Незавершенный фагоцитоз при воспалении

Незавершенный фагоцитоз при воспалении thumbnail

Фагоцитоз – это способность определенных клеток (фагоцитов) удерживать и переваривать плотные частицы. Это явление было открыто И. Мечниковым.

Фагоцитоз осуществляется микрофагами (нейтрофилами) и системой мононуклеарных макрофагов.

Мононуклеарные макрофаги

Система (MMS) включает следующие элементы:

  • промоноциты (костный мозг);
  • моноциты (кровь);
  • тканевые макрофаги;
  • гистиоциты соединительной ткани;
  • печеночные клетки Куппера;
  • легочные альвеолярные макрофаги;
  • свободные и фиксированные макрофаги лимфатической ткани;
  • плевру и перитонеальные макрофаги. 

Клетки мононуклеарной системы объединяет общее происхождение гемопоэтических клеток и саморегуляция. 

Моноцитопоэз

Моноцитопоэз – это стимулирующий фактор колонии фибробластов и фактор роста макрофагов, но он же подавляет (отрицательная саморегуляция) интерферон фибробластов и лейкоцитов и т. д. 

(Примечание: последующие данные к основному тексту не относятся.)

(* Let $a_2,a_3$ be integers with $1<a_2<a_3$, $A=\{1,a_2,a_3\}$, and let $SG(A,n,p)$ be a stride generator. Then the smallest break $y$ of $SG(A,n,p)$ satisfies $y=\mathrm{str}(T_p)-1$ or $y=\mathrm{end}(T_p)$ for some thread $T_p$ of order $p$.
   Context: For integers $n$ and $i\ge 0$, an integer $x$ has an $n$-generation of order $i$ if there are integers $c_1,c_2\ge 0$ with $x+ia_3=c_2a_2+c_1$ and $c_1+c_2\le n+i$. For integers $n$ and $p\ge0$, $SG(A,n,p)$ is a stride generator if: (A) every integer $0\le x<a_3$ has an $n$-generation of some order $\le p$; (B) at least one integer $0\le x<a_3$ has no $n$-generation of order $<p$; (C) at least one integer $0\le y<a_3$ has no $(n-1)$-generation of any order $\le p+1$. Any such $y$ is called a break. Threads: for integers $e\ge 0$, $i\ge0$ with $n+i-e\ge 0$, the thread $T(e,i)$ is the integer interval $[c,d]$ with $\mathrm{str}=c=ea_2-ia_3$ and $\mathrm{end}=d=c+(n+i)-e$; its order is $i$. Only such intervals meeting $[0,a_3)$ are regarded as threads. *)

From Stdlib Require Import ZArith Lia.
Open Scope Z_scope.

Definition has_gen (a2 a3 n i x : Z) : Prop :=
  exists c1 c2 : Z, 0 <= c1 /\ 0 <= c2 /\
    x + i * a3 = c2 * a2 + c1 /\ c1 + c2 <= n + i.

Definition stride_generator (a2 a3 n p : Z) : Prop :=
  0 <= p /\
  (forall x, 0 <= x < a3 -> exists i, 0 <= i <= p /\ has_gen a2 a3 n i x) /\
  (* (B) *)
  (exists x, 0 <= x < a3 /\ forall i, 0 <= i < p -> ~ has_gen a2 a3 n i x) /\
  (exists y, 0 <= y < a3 /\ forall i, 0 <= i <= p + 1 -> ~ has_gen a2 a3 (n - 1) i y).

Definition is_break (a2 a3 n p y : Z) : Prop :=
  0 <= y < a3 /\ forall i, 0 <= i <= p + 1 -> ~ has_gen a2 a3 (n - 1) i y.

Definition smallest_break (a2 a3 n p y : Z) : Prop :=
  is_break a2 a3 n p y /\ forall y', is_break a2 a3 n p y' -> y <= y'.

(* Thread T(e,i) = [str, end] with str = e*a2 - i*a3, end = str + (n+i) - e. *)
Definition thread_str (a2 a3 e i : Z) : Z := e * a2 - i * a3.
Definition thread_end (a2 a3 n e i : Z) : Z := thread_str a2 a3 e i + (n + i) - e.

Definition is_thread (a2 a3 n e i : Z) : Prop :=
  0 <= e /\ 0 <= i /\ 0 <= n + i - e /\
  thread_str a2 a3 e i < a3 /\ 0 <= thread_end a2 a3 n e i.

From Stdlib Require Import ZArith Lia.
Open Scope Z_scope.

(** Writing [c = a3 - a2], an integer [x >= 0] has an n-generation of order
    [i] iff the greedy number of parts [v / a2 + v mod a2] needed to write
    [v = x + i c] with parts [1] and [a2] is at most [n].  In this language the
    smallest break [y] is a point where every shifted value [y + i c]
    ([i <= p + 1]) needs at least [n] parts, while [y] itself is covered at
    some order [j].  If [j = p], [y] is the end of the thread through
    [y + p c].  Otherwise the residue of [y + j c] exceeds that of the point
    [x0 + p c] of the uncovered witness [x0] of (B) by more than [y - c], which
    forces [y + 1 < a3]; the order [j'] covering [y + 1] then has
    [y + 1 + j' c] divisible by [a2].  If [j' = p], [y + 1] starts a thread;
    if [j' < p], comparing [x0 + p c] with [y + (j + j' + 1) c] contradicts
    either the break property or [x0 < a3]. *)

Definition coin_count (a2 v : Z) : Z := v / a2 + v mod a2.

Section CoinCount.

Variable a2 : Z.
Hypothesis a2_gt0 : 0 < a2.

Lemma coin_count_eq q r : 0 <= r < a2 -> coin_count a2 (a2 * q + r) = q + r.
Proof.
  intros Hr. unfold coin_count.
  rewrite <- (Z.div_unique (a2 * q + r) a2 q r) by lia.
  rewrite <- (Z.mod_unique (a2 * q + r) a2 q r) by lia.
  reflexivity.
Qed.

Lemma coin_count_add_within v t :
  0 <= v mod a2 + t < a2 -> coin_count a2 (v + t) = coin_count a2 v + t.
Proof.
  intros Ht.
  rewrite (Z.div_mod v a2) at 1 by lia.
  rewrite <- Z.add_assoc, coin_count_eq by lia.
  unfold coin_count. lia.
Qed.

Lemma coin_count_add_mul v k : coin_count a2 (v + a2 * k) = coin_count a2 v + k.
Proof.
  pose proof (Z.mod_pos_bound v a2 a2_gt0).
  replace (v + a2 * k) with (a2 * (v / a2 + k) + v mod a2)
    by (pose proof (Z.div_mod v a2 ltac:(lia)); lia).
  rewrite coin_count_eq by lia.
  unfold coin_count. lia.
Qed.

Lemma coin_count_le_self w : 0 <= w -> coin_count a2 w <= w.
Proof.
  intros Hw. unfold coin_count.
  pose proof (Z.div_mod w a2 ltac:(lia)).
  pose proof (Z.div_pos w a2 Hw a2_gt0).
  nia.
Qed.

Lemma coin_count_add_le v t :
  0 <= v mod a2 + t -> coin_count a2 (v + t) <= coin_count a2 v + t.
Proof.
  intros Ht.
  replace (v + t) with ((v mod a2 + t) + a2 * (v / a2))
    by (pose proof (Z.div_mod v a2 ltac:(lia)); lia).
  rewrite coin_count_add_mul.
  pose proof (coin_count_le_self _ Ht).
  unfold coin_count at 2. lia.
Qed.

Lemma coin_count_spec v k : 0 <= v ->
  (exists c1 c2, 0 <= c1 /\ 0 <= c2 /\ v = c2 * a2 + c1 /\ c1 + c2 <= k)
  <-> coin_count a2 v <= k.
Proof.
  intros Hv. split.
  - intros (c1 & c2 & Hc1 & Hc2 & -> & Hk).
    rewrite Z.add_comm, Z.mul_comm, coin_count_add_mul.
    pose proof (coin_count_le_self c1 Hc1). lia.
  - intros Hk. exists (v mod a2), (v / a2).
    pose proof (Z.mod_pos_bound v a2 a2_gt0).
    pose proof (Z.div_pos v a2 Hv a2_gt0).
    pose proof (Z.div_mod v a2 ltac:(lia)).
    unfold coin_count in Hk. repeat split; lia.
Qed.

Lemma coin_count_succ_le v :
  coin_count a2 (v + 1) <= coin_count a2 v -> (v + 1) mod a2 = 0.
Proof.
  intros Hle.
  pose proof (Z.mod_pos_bound v a2 a2_gt0).
  destruct (Z.eq_dec (v mod a2) (a2 - 1)) as [Hlast | Hlast].
  - symmetry. apply (Z.mod_unique _ _ (v / a2 + 1)); [lia |].
    pose proof (Z.div_mod v a2 ltac:(lia)). lia.
  - rewrite coin_count_add_within in Hle by lia. lia.
Qed.

Lemma coin_count_lt_mod_le u v :
  v mod a2 <= u mod a2 -> coin_count a2 u < coin_count a2 v -> u + a2 <= v.
Proof.
  unfold coin_count. intros Hmod Hlt.
  pose proof (Z.div_mod u a2 ltac:(lia)).
  pose proof (Z.div_mod v a2 ltac:(lia)).
  assert (Hq : 1 <= v / a2 - u / a2) by lia.
  nia.
Qed.

End CoinCount.

Lemma has_gen_iff a2 a3 n i x : 1 < a2 < a3 -> 0 <= x -> 0 <= i ->
  has_gen a2 a3 n i x <-> coin_count a2 (x + i * (a3 - a2)) <= n.
Proof.
  intros Ha Hx Hi. unfold has_gen.
  rewrite (coin_count_spec a2 ltac:(lia) (x + i * a3) (n + i)) by nia.
  replace (x + i * a3) with ((x + i * (a3 - a2)) + a2 * i) by ring.
  rewrite coin_count_add_mul by lia. lia.
Qed.

Lemma is_break_iff a2 a3 n p y : 1 < a2 < a3 -> 0 <= y < a3 ->
  is_break a2 a3 n p y <->
  forall i, 0 <= i <= p + 1 -> n <= coin_count a2 (y + i * (a3 - a2)).
Proof.
  intros Ha Hy. unfold is_break. split.
  - intros [_ Hno] i Hi.
    destruct (Z_lt_le_dec (coin_count a2 (y + i * (a3 - a2))) n) as [Hlt |]; [| lia].
    exfalso. apply (Hno i Hi), has_gen_iff; lia.
  - intros Hge. split; [exact Hy |].
    intros i Hi Hg. apply has_gen_iff in Hg; [| lia ..].
    specialize (Hge i Hi). lia.
Qed.

Lemma thread_end_of_coin_count a2 a3 n p y :
  1 < a2 < a3 -> 0 <= p -> 0 <= y < a3 ->
  coin_count a2 (y + p * (a3 - a2)) = n ->
  exists e, is_thread a2 a3 n e p /\ y = thread_end a2 a3 n e p.
Proof.
  intros Ha Hp Hy Hn.
  set (v := y + p * (a3 - a2)) in Hn.
  assert (Hv : 0 <= v) by (unfold v; nia).
  pose proof (Z.div_mod v a2 ltac:(lia)).
  pose proof (Z.mod_pos_bound v a2 ltac:(lia)).
  pose proof (Z.div_pos v a2 Hv ltac:(lia)).
  unfold coin_count in Hn.
  exists (v / a2 + p).
  unfold is_thread, thread_end, thread_str, v in *.
  repeat split; nia.
Qed.

Lemma thread_str_of_coin_count a2 a3 n p y :
  1 < a2 < a3 -> 0 <= p -> 0 <= y -> y + 1 < a3 ->
  (y + 1 + p * (a3 - a2)) mod a2 = 0 ->
  coin_count a2 (y + 1 + p * (a3 - a2)) <= n ->
  exists e, is_thread a2 a3 n e p /\ y = thread_str a2 a3 e p - 1.
Proof.
  intros Ha Hp Hy Hy1 Hmod Hn.
  set (v := y + 1 + p * (a3 - a2)) in Hmod, Hn.
  assert (Hv : 0 <= v) by (unfold v; nia).
  pose proof (Z.div_mod v a2 ltac:(lia)).
  pose proof (Z.div_pos v a2 Hv ltac:(lia)).
  unfold coin_count in Hn.
  exists (v / a2 + p).
  unfold is_thread, thread_end, thread_str, v in *.
  repeat split; nia.
Qed.

Section SmallestBreak.

Variables a2 a3 n p y : Z.
Hypothesis a2_a3 : 1 < a2 < a3.
Hypothesis p_ge0 : 0 <= p.
Hypothesis covered : forall x, 0 <= x < a3 ->
  exists i, 0 <= i <= p /\ coin_count a2 (x + i * (a3 - a2)) <= n.
Hypothesis y_range : 0 <= y < a3.
Hypothesis y_break : forall i, 0 <= i <= p + 1 ->
  n <= coin_count a2 (y + i * (a3 - a2)).
Hypothesis y_min : forall y', 0 <= y' < a3 ->
  (forall i, 0 <= i <= p + 1 -> n <= coin_count a2 (y' + i * (a3 - a2))) ->
  y <= y'.

Local Notation c := (a3 - a2).

Lemma stride_le_break : c <= y.
Proof.
  destruct (Z_lt_le_dec y c) as [Hlt |]; [| assumption].
  destruct (covered (y + a2) ltac:(lia)) as (i & Hi & Hcov).
  replace (y + a2 + i * c) with ((y + i * c) + a2 * 1) in Hcov by ring.
  rewrite coin_count_add_mul in Hcov by lia.
  specialize (y_break i ltac:(lia)). lia.
Qed.

Lemma break_sub_stride_lt : y - c < n.
Proof.
  pose proof stride_le_break.
  destruct (Z_lt_le_dec (y - c) n) as [| Hge]; [assumption |].
  enough (y <= y - c) by lia.
  apply y_min; [lia |].
  intros i Hi. destruct (Z.eq_dec i 0) as [-> | Hi0].
  - replace (y - c + 0 * c) with (a2 * 0 + (y - c)) by ring.
    rewrite coin_count_eq by lia. lia.
  - replace (y - c + i * c) with (y + (i - 1) * c) by ring.
    apply y_break. lia.
Qed.

Lemma break_covered_exactly : exists j, 0 <= j <= p /\ coin_count a2 (y + j * c) = n.
Proof.
  destruct (covered y y_range) as (j & Hj & Hcov).
  exists j. specialize (y_break j ltac:(lia)). split; lia.
Qed.

Section UncoveredWitness.

Variable x0 : Z.
Hypothesis x0_range : 0 <= x0 < a3.
Hypothesis x0_uncovered : forall i, 0 <= i < p -> n < coin_count a2 (x0 + i * c).

Lemma uncovered_covered_last : coin_count a2 (x0 + p * c) <= n.
Proof.
  destruct (covered x0 x0_range) as (i & Hi & Hcov).
  destruct (Z.eq_dec i p) as [-> | Hip]; [assumption |].
  specialize (x0_uncovered i ltac:(lia)). lia.
Qed.

Lemma residue_gap j : 0 <= j < p -> coin_count a2 (y + j * c) = n ->
  (x0 + p * c) mod a2 + (y - c) < (y + j * c) mod a2.
Proof.
  intros Hj Hn.
  pose proof uncovered_covered_last.
  pose proof break_sub_stride_lt.
  set (z := x0 + p * c) in *. set (Y := y + j * c) in Hn |- *.
  pose proof (Z.div_mod Y a2 ltac:(lia)).
  pose proof (Z.mod_pos_bound z a2 ltac:(lia)).
  destruct (Z_lt_le_dec (z mod a2 + (y - c)) (Y mod a2)) as [| Hle]; [assumption |].
  exfalso.
  pose proof (x0_uncovered (p - j - 1) ltac:(lia)) as Hunc.
  replace (x0 + (p - j - 1) * c) with (z + (y - c - Y mod a2) + a2 * (- (Y / a2)))
    in Hunc by (unfold z, Y in *; lia).
  rewrite coin_count_add_mul in Hunc by lia.
  pose proof (coin_count_add_le a2 ltac:(lia) z (y - c - Y mod a2) ltac:(lia)).
  unfold coin_count at 1 in Hn. lia.
Qed.

Lemma no_early_wrap j j' : 0 <= j < p -> 0 <= j' < p ->
  coin_count a2 (y + j * c) = n -> (y + 1 + j' * c) mod a2 = 0 -> False.
Proof.
  intros Hj Hj' Hn Hwrap.
  pose proof stride_le_break.
  pose proof uncovered_covered_last.
  pose proof (residue_gap j Hj Hn) as Hgap.
  set (z := x0 + p * c) in *.
  set (Y := y + j * c) in Hn, Hgap.
  set (V := y + 1 + j' * c) in Hwrap.
  pose proof (Z.div_mod Y a2 ltac:(lia)).
  pose proof (Z.mod_pos_bound Y a2 ltac:(lia)).
  pose proof (Z.mod_pos_bound z a2 ltac:(lia)).
  pose proof (Z.div_mod V a2 ltac:(lia)) as HV. rewrite Hwrap in HV.
  (* [W = V + Y - (y - c) - 1] with [a2 | V]; [Hgap] keeps the residue in range. *)
  set (W := y + (j + j' + 1) * c).
  assert (HWmod : W = a2 * (V / a2 + Y / a2) + (Y mod a2 - (y - c) - 1))
    by (unfold W, V, Y in *; lia).
  assert (HWcount : coin_count a2 W = V / a2 + n - (y - c) - 1).
  { rewrite HWmod, coin_count_eq by lia. unfold coin_count in Hn. lia. }
  assert (Hz : coin_count a2 W < coin_count a2 z).
  { pose proof (x0_uncovered (p - j' - 1) ltac:(lia)) as Hunc.
    replace (x0 + (p - j' - 1) * c) with (z + (y - c + 1) + a2 * (- (V / a2)))
      in Hunc by (unfold z, V in *; lia).
    rewrite coin_count_add_mul, coin_count_add_within in Hunc by lia.
    lia. }
  destruct (Z_le_gt_dec (j + j' + 1) (p + 1)) as [Hle | Hgt].
  - pose proof (y_break (j + j' + 1) ltac:(lia)). unfold W, z in *. lia.
  - assert (HWz : W + a2 <= z).
    { apply (coin_count_lt_mod_le a2); [lia | | assumption].
      rewrite <- (Z.mod_unique W a2 (V / a2 + Y / a2) (Y mod a2 - (y - c) - 1));
        lia. }
    assert ((p + 2) * c <= (j + j' + 1) * c) by nia.
    unfold W, z in *. lia.
Qed.

End UncoveredWitness.

Hypothesis uncovered_exists : exists x0, 0 <= x0 < a3 /\
  forall i, 0 <= i < p -> n < coin_count a2 (x0 + i * (a3 - a2)).

Lemma smallest_break_at_thread_boundary : exists e, is_thread a2 a3 n e p /\
  (y = thread_str a2 a3 e p - 1 \/ y = thread_end a2 a3 n e p).
Proof.
  destruct break_covered_exactly as (j & Hj & Hn).
  destruct (Z.eq_dec j p) as [-> | Hjp].
  { destruct (thread_end_of_coin_count a2 a3 n p y) as (e & He & Hend); try lia.
    exists e. auto. }
  destruct uncovered_exists as (x0 & Hx0 & Hunc).
  pose proof (residue_gap x0 Hx0 Hunc j ltac:(lia) Hn) as Hgap.
  pose proof (Z.mod_pos_bound (x0 + p * c) a2 ltac:(lia)).
  pose proof (Z.mod_pos_bound (y + j * c) a2 ltac:(lia)).
  destruct (covered (y + 1) ltac:(lia)) as (j' & Hj' & Hcov).
  assert (Hwrap : (y + 1 + j' * c) mod a2 = 0).
  { replace (y + 1 + j' * c) with (y + j' * c + 1) in * by ring.
    apply (coin_count_succ_le a2); [lia |].
    specialize (y_break j' ltac:(lia)). lia. }
  destruct (Z.eq_dec j' p) as [-> | Hj'p].
  - destruct (thread_str_of_coin_count a2 a3 n p y) as (e & He & Hstr); try lia.
    exists e. auto.
  - exfalso. exact (no_early_wrap x0 Hx0 Hunc j j' ltac:(lia) ltac:(lia) Hn Hwrap).
Qed.

End SmallestBreak.

Theorem lemma9 (a2 a3 n p y : Z) :
  1 < a2 < a3 ->
  stride_generator a2 a3 n p ->
  smallest_break a2 a3 n p y ->
  exists e : Z, is_thread a2 a3 n e p /\
    (y = thread_str a2 a3 e p - 1 \/ y = thread_end a2 a3 n e p).
Proof.
  intros Ha (Hp & HA & HB & _) (Hbrk & Hmin).
  pose proof (proj1 Hbrk) as Hy.
  apply smallest_break_at_thread_boundary; try assumption.
  - intros x Hx. destruct (HA x Hx) as (i & Hi & Hg).
    exists i. split; [assumption |]. apply has_gen_iff in Hg; lia.
  - apply is_break_iff; assumption.
  - intros y' Hy' Hge. apply Hmin, is_break_iff; assumption.
  - destruct HB as (x0 & Hx0 & Hno). exists x0. split; [assumption |].
    intros i Hi. specialize (Hno i Hi).
    destruct (Z_lt_le_dec n (coin_count a2 (x0 + i * (a3 - a2)))) as [| Hle];
      [assumption |].
    exfalso. apply Hno, has_gen_iff; lia.
Qed.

Процесс фагоцитоза делится на четыре стадии: 

  • Приближение. 
  • Адгезия.
  • Оседание;
  • Стадия пищеварения.

Фаза приближения

Фагоцит приближается к объекту – бактериям, мервому клеточному элементу, инородному объекту. При движении под действием хемотаксиса цитоплазма фагоцита образует удлинения (псевдоподии).

Адгезия

Способствует образованию аминополисахаридов на поверхности фагоцитов и перекрытию фагоцитарного объекта белками сыворотки, особенно иммуноглобулинами. Последний механизм по сути является опсонизацией – бактерии и поврежденные клетки перекрываются с IgM, IgG и компонентами комплемента (C3, C5 и др.), что облегчает адгезию к фагоциту. 

Адгезия

Поверхность фагоцита заряжена отрицательно, поэтому адгезия лучше, если объект, подлежащий фагоцитозу, заряжен положительно. Менее фагоцитарны отрицательно заряженные объекты, такие как опухолевые клетки.

Оседание

Этап фагоцитации объекта – путь инвагинации. Сначала фагоцит образует углубление, а затем фагосому – вакуоль, содержащую объект, подлежащий фагоцитозу. НАДН-зависимая оксидаза в мембране фагоцитов активируется до образования фагосом; в результате O2 превращается в O 2 ~ (супероксид-анион) и образуется H 2 O 2. 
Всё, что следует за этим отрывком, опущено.